You write a blog, say about moving to London. This way, everything you do is experienced not only by you, but by innocent people who happen upon your blog.
THEN.
Start trying to find new people to read your blog, by searching for other self-centered people who write blogs and sending them the link to your blog. Seriously, this is how pitiful I have become. You would be surprised at how many scary websites there are claiming to be about, for example, “Expats Living Abroad.” Or even “Expat Mothers Living Abroad.” Except that both of those particular websites were heavily populated by people who titled their posts things like “XXX Hot Fuzzy Girl in London,” and “Military Girl Looking for Fun,” which at least sounded potentially more entertaining than “Attachment Parenting in London.” I remember “attachment parenting” from when Avery was a baby and various people tried to get me to read books about being a mother, and one of them suggested that the “24-hour cure” for troublesome nursing was placing the mother and baby in bed together and not letting them come out for 24 hours. It was surmised that by the end of that time period, the necessary amount of bonding would have taken place and all would be well. My idea of a “24-hour cure” was a night at the Tribeca Grand while somebody else took care of the baby. Not that I ever did that, but it always seemed like an option.

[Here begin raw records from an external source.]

Lemma Cij_sides i j : i < w -> j < w -> i != j ->
  1 < offset w i j -> 1 < offset w j i -> forall P,
  is_side e (Cij w T C i j) P <-> (P = Dij w C S i j \/ P = Dij w C S j i).
Proof.
move=> lt_iw lt_jw ne_ij conn_ij conn_ji P; have ne_ji : j != i by rewrite eq_sym.
have DU := Dij_closed_part lt_iw lt_jw ne_ij.
have DU' := Dij_closed_part lt_jw lt_iw ne_ji; rewrite Cij_sym in DU'.
have connD := Dij_connected lt_iw lt_jw ne_ij conn_ij.
have connD' := Dij_connected lt_jw lt_iw ne_ji conn_ji; rewrite Cij_sym in connD'.
split=> [[x xU ->]|[]->]; last 2 first.
- exact: closed_part_side DU connD.
- exact: closed_part_side DU' connD'.
case: (outside_cut lt_iw lt_jw ne_ij xU) => xD; [left|right].
- exact (closed_part_component DU connD xD).
- exact (closed_part_component DU' connD' xD).
Qed.
End Wheel.

Theorem lemma3 (V : finType) (e : rel V) (w : nat) (T : {set V})
    (C S : nat -> {set V}) :
  simple_graph e -> connected_graph e -> non_complete e ->
  is_wheel e w T C S ->
  (forall i j, i < w -> j < w -> i != j ->
     is_kcut e (Cij w T C i j) /\
     disconnects e (Cij w T C i j) (Dij w C S i j)) /\
  (forall i j, i < w -> j < w -> i != j ->
     (j + w - i) %% w != 1 -> (j + w - i) %% w != w - 1 ->
     forall P : {set V},
       is_side e (Cij w T C i j) P <-> (P = Dij w C S i j \/ P = Dij w C S j i)) /\
  (forall i, i < w -> 2 * #|C i| = kappa e - #|T|).
Proof.
move=> [e_sym _] _ _ W; have w_gt0 : 0 < w by have := wheel_w4 W; lia.
split; [exact: Cij_kcut W | split].
- move=> i j lt_iw lt_jw ne_ij ne1 ne_w1.
  have [conn_ij conn_ji] := offset_gt1 w_gt0 lt_iw lt_jw ne_ij ne1 ne_w1.
  exact (Cij_sides e_sym W lt_iw lt_jw ne_ij conn_ij conn_ji).
- by move=> i lt_iw; rewrite -(modn_small lt_iw) (spoke_card W).
Qed.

But I digress. My point is, I have now reached the point of… blogging about blogging. It’s just that pathetic. Seriously, though, I found one good site, and that’s expat-blog, full of other people who have been sent to, dragged to, otherwise forced to move to foreign lands. There are lot of people living in London, but I think there’s a significant risk that some of them may be as self-centered as me, in which case there is not room for more than one of us.

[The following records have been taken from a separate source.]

Lemma Pol_unit (X Y Z : R[i]) : `|X| = 1 -> `|Y| = 1 ->
  Pol X Y Z = Z + Z^-1 - (2 - 2 * (Re X + Re Y))%:C.
Proof.
move=> /unit_add_inv X1 /unit_add_inv Y1.
have -> : (2 - 2 * (Re X + Re Y))%:C = 2 - (2 * Re X)%:C - (2 * Re Y)%:C :> R[i].
  by rewrite !rmorphB !rmorphM !rmorphD rmorph1; ring.
by rewrite -X1 -Y1 /Pol; ring.
Qed.

Lemma Im_add_inv_real (Z : R[i]) (s : R) : 1 < `|Z| -> Z + Z^-1 = s%:C -> Im Z = 0.
Proof.
case: Z => x y; rewrite normc_gt1 /= => n_gt1 /(congr1 (@complex.Im R)) /=.
have -> : y + - (y / (x ^+ 2 + y ^+ 2)) = y * (x ^+ 2 + y ^+ 2 - 1) / (x ^+ 2 + y ^+ 2).
  by field; rewrite gt_eqF //; lra.
have n_neq1 : (x ^+ 2 + y ^+ 2 == 1) = false by rewrite gt_eqF.
have n_neq0 : (x ^+ 2 + y ^+ 2 == 0) = false by rewrite gt_eqF //; lra.
by move/eqP; rewrite !mulf_eq0 invr_eq0 subr_eq0 n_neq1 n_neq0 !orbF => /eqP.
Qed.

Lemma gt1_of_add_inv_ge (z : R) : 1 < z ^+ 2 -> -2 <= z + z^-1 -> 1 < z.
Proof.
move=> z2_gt1 sum_ge; rewrite ltNge; apply/negP => z_le1.
have z_ltN1 : z < -1 by nra.
have z_neq0 : z != 0 by rewrite lt_eqF //; lra.
have sq_gt0 : 0 < (z + 1) ^+ 2 by nra.
have : (z + 1) ^+ 2 / z < 0 by rewrite pmulr_rlt0 // invr_lt0; lra.
have -> : (z + 1) ^+ 2 / z = z + z^-1 + 2 by field.
lra.
Qed.

Lemma DPE : @DP R = [set p | exists2 z, 1 < z & p.2 = z%:C /\ level_curve (depth z) p.1].
Proof.
apply/seteqP; split => [[[X Y] Z] [/= _ _ _ + [X1 Y1 Z1]] | [[X Y] Z] /= [z z_gt1 [-> [X1 Y1 XYk]]]].
  rewrite Pol_unit // => /eqP; rewrite subr_eq0 => /eqP ZE.
  have Zz : Z = (Re Z)%:C by case: Z {Z1 ZE} (Im_add_inv_real Z1 ZE) => x y /= ->.
  move: Z1 ZE; rewrite Zz normc_gt1 /= expr0n addr0 -fmorphV -rmorphD => z2_gt1 /complexI zE.
  have := normc_eq1_Re_bounds X1; have := normc_eq1_Re_bounds Y1.
  move=> /andP[? ?] /andP[? ?].
  have z_gt1 : 1 < Re Z by apply: gt1_of_add_inv_ge; lra.
  by exists (Re Z) => //; split => //; split => //=; rewrite /depth; lra.
have z_neq0 : z != 0 by rewrite gt_eqF //; lra.
have unit_neq0 (W : R[i]) : `|W| = 1 -> W != 0 by move=> W1; rewrite -normr_eq0 W1 oner_eq0.
split; rewrite /= ?fmorph_eq0 ?unit_neq0 //.
  rewrite Pol_unit // XYk -fmorphV -rmorphD -rmorphB; apply/eqP; rewrite fmorph_eq0.
  by apply/eqP; rewrite /depth; field.
by split => //; rewrite normc_gt1 /= expr0n addr0; nra.
Qed.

Meanwhile, let’s see, it’s a typical grey London morning. In a rare early-morning social encounter, we stopped off at Avery’s friend Angelica’s house before school dropoff in order to receive a birthday present too large to be brought to school! Oh my. When Angelica’s mother arranged this with me last night, I was of course wide awake and it sounded like a perfectly reasonable thing to do: just set the alarm half an hour early and stop off to chat while Avery opened her present (what on earth could be too large to bring to school? Avery guessed a pony). However, I forgot that I’m really not at my best at 8 a.m. I tend not to be able to think of anything to say, and if I do think of something, I don’t remember afterward that I’ve said it. John is this way late at night, but somehow life seems to embrace his approach, where everyone expects me to be chirpy and responsive when I first wake up. At any rate, 8 o’clock found us in Angelica’s warm, homey kitchen, with a lovely housekeeper making crepes and Jill holding the new baby. I promptly woke up enough to ask to hold her, and she spent the next few minutes chewing on the shoulder of my cardigan, the dear little thing. Avery opened her present, and it was, amazingly, the largest of all the Sylvanian houses. She is in complete heaven. Now her beloved animals have an even larger place to live than then darling cottage her friend Anna gave her. For sure, these children know each other very well. We sat down with the parents while the girls oohed and aahed, and chatted about the elections in America today. I wonder what will happen. England is, unusually, very interested this year because they think it will affect British troops in Iraq, so there is a surprising amount of coverage here. I’ll have to pay attention.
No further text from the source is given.